Your site and marketing are probably all about why your product is different and better than the competition.
But the product itself includes not just those shiny differentiators, but also a lot of the same basic plumbing that competitors have. Maybe users have to add other users. Or they’ve gotta connect integrations. Or they’ve gotta input data. Or, or, or…. At some point along the way, sometimes after lots of rote setup work, the different and better part actually manifests.
So sometimes, the prospect user experience goes like this:
“Oooh, this sounds interesting.”
“How does it work? I’m gonna try it.”
“Geez, hmm… OK - this looks like work.”
“You know what? I’ll come back to this later.”
But will they come back? It depends. Did you prove the different and better claim that attracted them in the beginning?
Here are some ways you might do it:
Guide the user down the most efficient path. Don’t make them find it. Don’t distract them with bells and whistles.

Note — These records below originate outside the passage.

(* Let N = M^\land.  A student who holds q in N but not in M covets q in M, so by
   stability of M either q is full in M or the lecturer l of q ranks that student below
   all of M(l).  Two such students coming from opposite sides of the same project would
   outrank each other, hence N(q) is contained in M(q) or in M'(q); in particular N
   respects project capacities.
   For a lecturer l, either N fills no project of l beyond M, or a project of l that is
   undersubscribed in M is gained in N; the gaining student t then lies in M'(l) but
   below every student of the full M(l), which forces N to fill no project of l beyond
   M'.  Either way |N(l)| <= |M(l)|; since every student assigned in M is assigned in N,
   summing over lecturers gives |N(l)| = |M(l)|, with equality project by project against
   M or against M'.  A blocking pair of N then yields, through t when needed, a
   contradiction with the stability of M or of M'. *)

Lemma card_option_fibers (S T : finType) (f : S -> option T) (Q : pred T) :
  #|[set s | if f s is Some t then Q t else false]| =
  \sum_(t | Q t) #|[set s | f s == Some t]|.
Proof.
under [RHS]eq_bigr => t _ do rewrite -sum1dep_card.
rewrite -sum1dep_card (exchange_big_dep predT) //= big_mkcond /=.
apply: eq_bigr => s _; case: (f s) => [t|]; last by rewrite big_pred0 // => u; rewrite andbF.
under eq_bigl => u do rewrite (inj_eq Some_inj) eq_sym.
case: ifP => Qt; [rewrite (big_pred1 t) // | rewrite big_pred0 //] => u /=;
  by case: eqP => [->|_]; rewrite ?Qt ?andbF.
Qed.

Lemma sum_leq_eq (J : finType) (Q : pred J) (E1 E2 : J -> nat) :
  (forall j, Q j -> E1 j <= E2 j) ->
  \sum_(j | Q j) E2 j <= \sum_(j | Q j) E1 j ->
  forall j, Q j -> E1 j = E2 j.
Proof.
move=> le12 le21 j Qj; have := (leqif_sum (fun i Qi => leqif_eq (le12 i Qi))).2.
by rewrite eqn_leq le21 (leq_sum _ le12) /= => /esym/forall_inP eq12; apply/eqP/eq12.
Qed.

Section Preferences.
Variables (S P L : finType) (I : spa_instance S P L).

Definition sprefers_opt (s : S) (p : P) (x : option P) : bool :=
  if x is Some q then sprefers I s p q else true.

Definition sweakly_prefers (s : S) (x y : option P) : bool :=
  match x, y with
  | _, None => true
  | None, Some _ => false
  | Some p, Some q => rankS I s p <= rankS I s q
  end.

Definition covets (M : assignment S P) (s : S) (p : P) : bool :=
  acceptable I s p && sprefers_opt s p (M s).

Lemma sprefers_opt_neq s p x : sprefers_opt s p x -> x != Some p.
Proof. by case: x => // q; apply: contraTneq => -[->]; rewrite /= /sprefers ltnn. Qed.

Lemma sprefers_opt_trans s p x y :
  sprefers_opt s p x -> sweakly_prefers s x y -> sprefers_opt s p y.
Proof. by case: x; case: y => //= q r; rewrite /sprefers; apply: leq_trans. Qed.

Lemma covets_trans (M N : assignment S P) s p :
  sweakly_prefers s (N s) (M s) -> covets N s p -> covets M s p.
Proof. by move=> NM /andP[acc pref]; rewrite /covets acc (sprefers_opt_trans pref). Qed.

Lemma l_prefers_to_worstE l s (A : {set S}) :
  l_prefers_to_worst I l s A = [exists w in A, lprefers I l s w].
Proof.
rewrite /l_prefers_to_worst /worst; case: pickP => [w /andP[wA /forall_inP maxw] | nomax].
  apply/idP/exists_inP => [sw | [u uA su]]; first by exists w.
  exact: leq_trans su (maxw u uA).
apply/esym/exists_inP => -[u uA _].
have [w wA maxw] := arg_maxnP (rankL I l) uA.
by move: (nomax w); rewrite [w \in A]wA /=; case/negP; apply/forall_inP.
Qed.

Lemma l_prefers_to_worstPn l s (A : {set S}) :
  reflect (forall w, w \in A -> ~~ lprefers I l s w) (~~ l_prefers_to_worst I l s A).
Proof. by rewrite l_prefers_to_worstE; apply: exists_inPn. Qed.

Lemma lprefers_antisym l u t : on_list I l u -> on_list I l t ->
  ~~ lprefers I l u t -> ~~ lprefers I l t u -> u = t.
Proof. by move=> ul tl; rewrite /lprefers -!leqNgt => tu ut; apply: rankL_inj ul tl _; lia. Qed.
(* Let $\mathcal H$ be a separable Hilbert space, $(X,\mathcal M,\mu)$ a measure space, and $\{\phi_t\}_{t\in X}$ a continuous Bessel family over $X$ in $\mathcal H$. Then there exist a $\sigma$-finite subset $X'\subset X$ and a $\sigma$-algebra $\mathcal M'\subset\{E\cap X':E\in\mathcal M\}$ such that: (i) $\phi_t=0$ for all $t\in X\setminus X'$; (ii) the restriction $\{\phi_t\}_{t\in X'}$ is a continuous Bessel family over $(X',\mathcal M',\mu)$; (iii) the measure algebra of $(X',\mathcal M',\mu)$ is separable.
   Context: A family $\{\phi_t\}_{t\in X}$ of vectors in $\mathcal H$ is a continuous Bessel family (with bound $B$) over the measure space $(X,\mu)$ if (i) for each $f\in\mathcal H$ the function $t\mapsto\langle f,\phi_t\rangle$ is measurable, and (ii) there is $B<\infty$ with $\int_X|\langle f,\phi_t\rangle|^2\,d\mu(t)\le B\|f\|^2$ for all $f\in\mathcal H$. The measure algebra of a measure space $(X,\mathcal N,\mu)$ consists of equivalence classes of sets in $\mathcal N$ under $E\sim F\iff\mu(E\triangle F)=0$; it is called separable if the set of (classes of) sets of finite measure with the metric $\rho(E,F)=\mu(E\triangle F)$ is a separable metric space. *)

From HB Require Import structures.
From mathcomp Require Import all_boot all_order all_algebra.
From mathcomp Require Import all_classical all_reals all_analysis.
From mathcomp Require Import complex.
Set Implicit Arguments. Unset Strict Implicit. Unset Printing Implicit Defensive.
Import Order.TTheory GRing.Theory Num.Theory.
Local Open Scope classical_set_scope.
Local Open Scope ring_scope.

Avoid an obtrusive onboarding flow that feels like a blocker. Users will skip it and then be less effective in your product later.
Make sure your setup is as lightweight as possible. Enable users to come back and finish setup steps later.
Include easy-to-clear starter data or defaults so users don’t have to do all the input work to get going.
Use a series of Getting Started tip emails to bring the user back in for quick interactions.
Reduce decision paralysis by making it easy to throw away their experimental trial setup. Let them know up front that everything can be changed or discarded.
What techniques have you used to prove your software was different and better quickly?